[Extracted entries — start]

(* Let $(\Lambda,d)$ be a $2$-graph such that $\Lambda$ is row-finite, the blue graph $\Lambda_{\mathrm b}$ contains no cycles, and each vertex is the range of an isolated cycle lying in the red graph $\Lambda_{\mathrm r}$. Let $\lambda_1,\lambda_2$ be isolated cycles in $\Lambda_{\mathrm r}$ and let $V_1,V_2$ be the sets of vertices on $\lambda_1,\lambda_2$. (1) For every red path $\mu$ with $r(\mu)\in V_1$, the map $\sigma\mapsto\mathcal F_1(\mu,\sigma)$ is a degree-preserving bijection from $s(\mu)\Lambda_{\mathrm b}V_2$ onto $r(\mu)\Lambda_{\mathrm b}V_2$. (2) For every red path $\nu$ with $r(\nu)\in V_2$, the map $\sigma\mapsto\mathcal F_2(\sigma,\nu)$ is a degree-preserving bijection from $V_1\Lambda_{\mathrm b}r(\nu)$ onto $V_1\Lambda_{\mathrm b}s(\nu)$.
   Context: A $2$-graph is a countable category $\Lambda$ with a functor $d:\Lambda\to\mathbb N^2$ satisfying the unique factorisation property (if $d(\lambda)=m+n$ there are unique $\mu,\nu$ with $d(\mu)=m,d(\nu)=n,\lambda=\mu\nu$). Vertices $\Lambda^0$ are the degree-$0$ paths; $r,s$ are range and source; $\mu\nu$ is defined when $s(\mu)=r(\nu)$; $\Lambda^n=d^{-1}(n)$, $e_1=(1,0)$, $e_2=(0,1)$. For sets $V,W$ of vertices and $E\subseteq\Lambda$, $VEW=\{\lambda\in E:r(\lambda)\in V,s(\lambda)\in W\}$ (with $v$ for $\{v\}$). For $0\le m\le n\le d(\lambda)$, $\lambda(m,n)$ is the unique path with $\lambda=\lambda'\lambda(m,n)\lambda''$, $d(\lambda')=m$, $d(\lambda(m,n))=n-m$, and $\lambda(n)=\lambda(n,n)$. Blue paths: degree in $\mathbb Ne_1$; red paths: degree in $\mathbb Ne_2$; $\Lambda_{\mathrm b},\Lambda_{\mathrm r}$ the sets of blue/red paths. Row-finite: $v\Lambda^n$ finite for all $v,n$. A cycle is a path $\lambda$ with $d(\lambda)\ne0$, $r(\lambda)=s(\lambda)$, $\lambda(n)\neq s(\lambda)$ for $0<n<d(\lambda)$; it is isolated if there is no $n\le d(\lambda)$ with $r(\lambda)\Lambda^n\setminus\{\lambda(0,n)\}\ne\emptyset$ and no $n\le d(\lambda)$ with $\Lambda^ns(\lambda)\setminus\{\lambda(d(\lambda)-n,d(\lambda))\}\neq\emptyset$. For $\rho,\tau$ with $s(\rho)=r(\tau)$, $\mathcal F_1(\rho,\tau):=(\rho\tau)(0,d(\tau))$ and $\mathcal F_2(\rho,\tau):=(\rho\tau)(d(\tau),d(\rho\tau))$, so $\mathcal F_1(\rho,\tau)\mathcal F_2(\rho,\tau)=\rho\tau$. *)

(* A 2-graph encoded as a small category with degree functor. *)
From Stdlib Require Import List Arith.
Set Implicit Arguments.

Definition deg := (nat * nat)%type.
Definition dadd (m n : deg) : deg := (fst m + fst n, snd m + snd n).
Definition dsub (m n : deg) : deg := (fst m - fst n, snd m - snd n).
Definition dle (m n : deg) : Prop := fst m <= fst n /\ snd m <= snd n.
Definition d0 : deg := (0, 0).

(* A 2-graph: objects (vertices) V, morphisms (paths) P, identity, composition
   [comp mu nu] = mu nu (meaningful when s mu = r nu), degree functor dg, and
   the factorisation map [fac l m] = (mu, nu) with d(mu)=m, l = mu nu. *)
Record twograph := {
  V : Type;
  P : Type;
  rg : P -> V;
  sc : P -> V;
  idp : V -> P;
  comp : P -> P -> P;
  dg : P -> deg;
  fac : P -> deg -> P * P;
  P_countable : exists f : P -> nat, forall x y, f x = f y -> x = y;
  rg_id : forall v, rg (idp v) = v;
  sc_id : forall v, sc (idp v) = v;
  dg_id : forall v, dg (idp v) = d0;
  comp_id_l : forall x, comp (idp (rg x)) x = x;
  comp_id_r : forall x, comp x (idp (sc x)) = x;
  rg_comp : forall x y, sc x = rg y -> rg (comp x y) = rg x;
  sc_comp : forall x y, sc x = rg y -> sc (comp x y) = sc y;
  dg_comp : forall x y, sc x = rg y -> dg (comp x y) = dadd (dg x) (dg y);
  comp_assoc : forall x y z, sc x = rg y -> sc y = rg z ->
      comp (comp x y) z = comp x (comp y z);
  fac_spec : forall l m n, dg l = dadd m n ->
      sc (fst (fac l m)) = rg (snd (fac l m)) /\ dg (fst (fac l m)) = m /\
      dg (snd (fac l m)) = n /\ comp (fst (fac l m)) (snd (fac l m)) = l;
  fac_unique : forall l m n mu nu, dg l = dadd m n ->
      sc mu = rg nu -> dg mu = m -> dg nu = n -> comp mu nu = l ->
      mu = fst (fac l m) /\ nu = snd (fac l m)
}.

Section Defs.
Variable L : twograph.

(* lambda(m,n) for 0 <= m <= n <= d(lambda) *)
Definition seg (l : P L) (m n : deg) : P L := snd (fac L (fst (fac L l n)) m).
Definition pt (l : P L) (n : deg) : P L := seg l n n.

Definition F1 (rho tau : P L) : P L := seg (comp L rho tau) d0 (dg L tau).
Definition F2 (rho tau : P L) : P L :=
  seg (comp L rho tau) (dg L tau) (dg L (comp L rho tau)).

[Extracted entries — finish]
[Extracted entries — start]

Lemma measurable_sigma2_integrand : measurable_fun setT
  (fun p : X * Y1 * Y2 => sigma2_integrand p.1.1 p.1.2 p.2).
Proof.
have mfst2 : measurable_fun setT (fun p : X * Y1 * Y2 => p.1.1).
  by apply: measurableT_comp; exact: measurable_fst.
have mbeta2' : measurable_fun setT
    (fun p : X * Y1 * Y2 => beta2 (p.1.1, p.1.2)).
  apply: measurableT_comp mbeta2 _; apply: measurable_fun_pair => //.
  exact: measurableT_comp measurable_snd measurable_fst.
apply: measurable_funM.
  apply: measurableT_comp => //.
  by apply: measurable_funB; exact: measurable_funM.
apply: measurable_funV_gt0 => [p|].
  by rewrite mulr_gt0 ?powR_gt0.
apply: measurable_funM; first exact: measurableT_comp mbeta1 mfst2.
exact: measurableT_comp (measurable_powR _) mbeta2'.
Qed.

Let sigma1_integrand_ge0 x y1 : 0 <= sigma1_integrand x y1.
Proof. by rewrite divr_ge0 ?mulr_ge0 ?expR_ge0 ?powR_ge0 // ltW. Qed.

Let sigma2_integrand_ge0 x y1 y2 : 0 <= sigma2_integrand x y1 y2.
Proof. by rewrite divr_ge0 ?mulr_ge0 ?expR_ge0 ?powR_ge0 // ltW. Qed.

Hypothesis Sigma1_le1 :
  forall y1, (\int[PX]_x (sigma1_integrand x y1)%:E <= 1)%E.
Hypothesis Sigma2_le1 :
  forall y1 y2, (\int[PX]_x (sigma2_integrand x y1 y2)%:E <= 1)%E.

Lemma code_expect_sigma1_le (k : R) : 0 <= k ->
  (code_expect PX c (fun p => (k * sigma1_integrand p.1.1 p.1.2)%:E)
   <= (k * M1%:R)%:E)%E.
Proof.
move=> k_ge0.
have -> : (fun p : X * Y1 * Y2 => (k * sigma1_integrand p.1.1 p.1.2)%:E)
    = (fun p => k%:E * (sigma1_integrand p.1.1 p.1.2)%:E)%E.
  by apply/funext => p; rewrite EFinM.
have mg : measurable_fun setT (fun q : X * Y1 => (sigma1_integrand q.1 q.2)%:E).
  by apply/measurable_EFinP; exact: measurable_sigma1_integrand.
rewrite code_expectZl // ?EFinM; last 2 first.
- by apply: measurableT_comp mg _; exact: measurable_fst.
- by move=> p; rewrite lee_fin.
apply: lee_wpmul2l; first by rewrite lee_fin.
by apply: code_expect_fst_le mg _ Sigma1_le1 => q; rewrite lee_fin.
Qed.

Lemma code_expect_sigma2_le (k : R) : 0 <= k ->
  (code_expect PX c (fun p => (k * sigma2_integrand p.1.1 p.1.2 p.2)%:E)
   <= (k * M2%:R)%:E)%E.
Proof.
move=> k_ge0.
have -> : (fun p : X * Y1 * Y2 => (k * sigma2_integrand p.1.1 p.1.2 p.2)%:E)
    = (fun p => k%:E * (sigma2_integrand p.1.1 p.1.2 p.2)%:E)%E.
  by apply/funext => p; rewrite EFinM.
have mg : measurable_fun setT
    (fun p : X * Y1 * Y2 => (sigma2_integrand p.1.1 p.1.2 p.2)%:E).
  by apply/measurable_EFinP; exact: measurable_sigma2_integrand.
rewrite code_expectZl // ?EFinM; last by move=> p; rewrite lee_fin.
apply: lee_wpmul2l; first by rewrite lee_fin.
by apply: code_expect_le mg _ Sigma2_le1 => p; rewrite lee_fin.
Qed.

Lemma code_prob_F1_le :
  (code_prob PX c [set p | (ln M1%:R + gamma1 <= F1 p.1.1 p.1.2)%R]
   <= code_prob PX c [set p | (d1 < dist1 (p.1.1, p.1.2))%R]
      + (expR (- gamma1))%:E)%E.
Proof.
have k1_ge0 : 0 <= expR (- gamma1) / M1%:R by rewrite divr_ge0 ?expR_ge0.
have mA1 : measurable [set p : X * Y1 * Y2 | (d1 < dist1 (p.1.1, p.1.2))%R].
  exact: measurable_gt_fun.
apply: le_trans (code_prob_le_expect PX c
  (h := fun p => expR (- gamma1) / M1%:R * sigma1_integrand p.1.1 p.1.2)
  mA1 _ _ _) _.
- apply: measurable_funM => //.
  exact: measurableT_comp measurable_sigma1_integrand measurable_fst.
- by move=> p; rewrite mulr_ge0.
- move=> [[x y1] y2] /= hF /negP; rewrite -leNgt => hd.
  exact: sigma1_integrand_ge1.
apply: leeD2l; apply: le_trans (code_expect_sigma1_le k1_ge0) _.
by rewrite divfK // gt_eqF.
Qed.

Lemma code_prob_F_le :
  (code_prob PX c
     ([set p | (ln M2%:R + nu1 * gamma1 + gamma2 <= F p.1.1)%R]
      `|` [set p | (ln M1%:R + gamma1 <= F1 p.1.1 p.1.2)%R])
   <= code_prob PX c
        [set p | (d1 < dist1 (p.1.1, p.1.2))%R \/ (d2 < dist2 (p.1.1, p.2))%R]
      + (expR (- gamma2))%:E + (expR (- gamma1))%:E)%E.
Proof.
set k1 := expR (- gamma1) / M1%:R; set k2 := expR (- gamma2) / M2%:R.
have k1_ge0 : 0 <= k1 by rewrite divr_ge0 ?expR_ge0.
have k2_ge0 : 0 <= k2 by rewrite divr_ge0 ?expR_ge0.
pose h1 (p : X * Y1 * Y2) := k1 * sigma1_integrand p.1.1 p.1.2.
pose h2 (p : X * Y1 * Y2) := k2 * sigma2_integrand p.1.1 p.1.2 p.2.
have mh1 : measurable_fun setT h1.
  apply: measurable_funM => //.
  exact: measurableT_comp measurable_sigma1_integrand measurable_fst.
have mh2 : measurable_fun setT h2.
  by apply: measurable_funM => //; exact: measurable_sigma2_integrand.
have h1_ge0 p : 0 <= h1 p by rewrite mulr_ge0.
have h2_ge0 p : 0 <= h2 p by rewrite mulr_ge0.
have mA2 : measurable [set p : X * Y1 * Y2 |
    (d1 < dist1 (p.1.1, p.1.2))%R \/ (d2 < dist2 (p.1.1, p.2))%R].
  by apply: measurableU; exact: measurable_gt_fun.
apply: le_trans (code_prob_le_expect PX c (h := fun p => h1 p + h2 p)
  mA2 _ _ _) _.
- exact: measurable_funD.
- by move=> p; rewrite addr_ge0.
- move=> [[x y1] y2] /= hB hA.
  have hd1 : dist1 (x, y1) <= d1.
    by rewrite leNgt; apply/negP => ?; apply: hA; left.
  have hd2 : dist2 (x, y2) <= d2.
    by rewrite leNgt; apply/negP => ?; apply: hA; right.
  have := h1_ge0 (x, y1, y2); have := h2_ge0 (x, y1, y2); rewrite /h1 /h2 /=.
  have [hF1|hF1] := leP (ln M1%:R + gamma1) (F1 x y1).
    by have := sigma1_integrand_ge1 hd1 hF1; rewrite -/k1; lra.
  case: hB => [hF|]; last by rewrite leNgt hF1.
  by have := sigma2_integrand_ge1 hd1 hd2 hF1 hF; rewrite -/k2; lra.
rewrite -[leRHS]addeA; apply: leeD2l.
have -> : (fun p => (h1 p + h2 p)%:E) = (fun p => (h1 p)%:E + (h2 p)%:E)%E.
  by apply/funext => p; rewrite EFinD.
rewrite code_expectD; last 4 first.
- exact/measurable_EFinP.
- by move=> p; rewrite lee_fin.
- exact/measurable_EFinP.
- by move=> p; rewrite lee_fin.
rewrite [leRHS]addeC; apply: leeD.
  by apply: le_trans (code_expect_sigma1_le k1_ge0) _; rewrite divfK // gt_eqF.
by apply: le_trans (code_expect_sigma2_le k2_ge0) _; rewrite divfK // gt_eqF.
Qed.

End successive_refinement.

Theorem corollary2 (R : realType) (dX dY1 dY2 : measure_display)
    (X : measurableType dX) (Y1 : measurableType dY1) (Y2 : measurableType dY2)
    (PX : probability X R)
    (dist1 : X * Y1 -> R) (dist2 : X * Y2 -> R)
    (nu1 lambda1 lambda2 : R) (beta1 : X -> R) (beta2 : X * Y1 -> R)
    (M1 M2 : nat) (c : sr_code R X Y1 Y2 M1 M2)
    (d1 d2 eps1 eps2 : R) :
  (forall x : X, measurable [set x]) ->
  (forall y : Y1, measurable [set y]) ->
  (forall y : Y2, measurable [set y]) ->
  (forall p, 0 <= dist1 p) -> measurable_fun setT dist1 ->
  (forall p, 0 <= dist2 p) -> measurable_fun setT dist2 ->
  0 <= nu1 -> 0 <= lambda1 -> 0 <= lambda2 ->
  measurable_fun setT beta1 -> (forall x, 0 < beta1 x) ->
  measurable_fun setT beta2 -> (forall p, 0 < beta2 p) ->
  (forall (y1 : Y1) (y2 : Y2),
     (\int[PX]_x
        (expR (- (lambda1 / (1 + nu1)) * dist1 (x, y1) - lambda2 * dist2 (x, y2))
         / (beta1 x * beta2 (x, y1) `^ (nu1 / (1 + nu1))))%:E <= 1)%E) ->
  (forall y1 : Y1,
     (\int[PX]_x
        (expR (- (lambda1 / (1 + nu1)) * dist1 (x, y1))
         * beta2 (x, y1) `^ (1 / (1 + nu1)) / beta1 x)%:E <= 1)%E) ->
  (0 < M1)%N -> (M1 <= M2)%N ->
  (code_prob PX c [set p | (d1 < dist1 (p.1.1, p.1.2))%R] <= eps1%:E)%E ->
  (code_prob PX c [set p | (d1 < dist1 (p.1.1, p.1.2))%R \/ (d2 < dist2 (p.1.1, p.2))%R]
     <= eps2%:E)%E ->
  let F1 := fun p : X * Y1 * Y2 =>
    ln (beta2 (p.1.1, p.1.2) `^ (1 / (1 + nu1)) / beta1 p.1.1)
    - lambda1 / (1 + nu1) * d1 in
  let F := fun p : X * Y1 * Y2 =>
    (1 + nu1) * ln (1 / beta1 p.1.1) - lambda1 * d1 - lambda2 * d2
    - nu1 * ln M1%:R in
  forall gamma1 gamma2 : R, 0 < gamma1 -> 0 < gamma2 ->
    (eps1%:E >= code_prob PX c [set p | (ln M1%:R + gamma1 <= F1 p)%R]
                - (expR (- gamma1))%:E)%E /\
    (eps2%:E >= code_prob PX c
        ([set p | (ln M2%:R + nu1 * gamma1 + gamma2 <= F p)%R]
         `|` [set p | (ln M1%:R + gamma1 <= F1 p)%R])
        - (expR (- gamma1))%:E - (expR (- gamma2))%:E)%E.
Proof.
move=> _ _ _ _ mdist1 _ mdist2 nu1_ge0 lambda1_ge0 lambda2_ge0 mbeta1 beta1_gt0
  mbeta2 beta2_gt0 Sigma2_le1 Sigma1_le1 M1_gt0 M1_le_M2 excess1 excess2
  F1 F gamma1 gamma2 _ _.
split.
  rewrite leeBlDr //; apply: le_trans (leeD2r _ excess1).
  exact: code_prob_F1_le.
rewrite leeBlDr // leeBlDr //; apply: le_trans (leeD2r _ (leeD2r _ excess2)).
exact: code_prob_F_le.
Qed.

[Extracted entries — finish]

**Exercise**
Whenever "negP" occurs in a line above, copy that line.

**Task output**
- move=> [[x y1] y2] /= hF /negP; rewrite -leNgt => hd.
    by rewrite leNgt; apply/negP => ?; apply: hA; left.
    by rewrite leNgt; apply/negP => ?; apply: hA; right.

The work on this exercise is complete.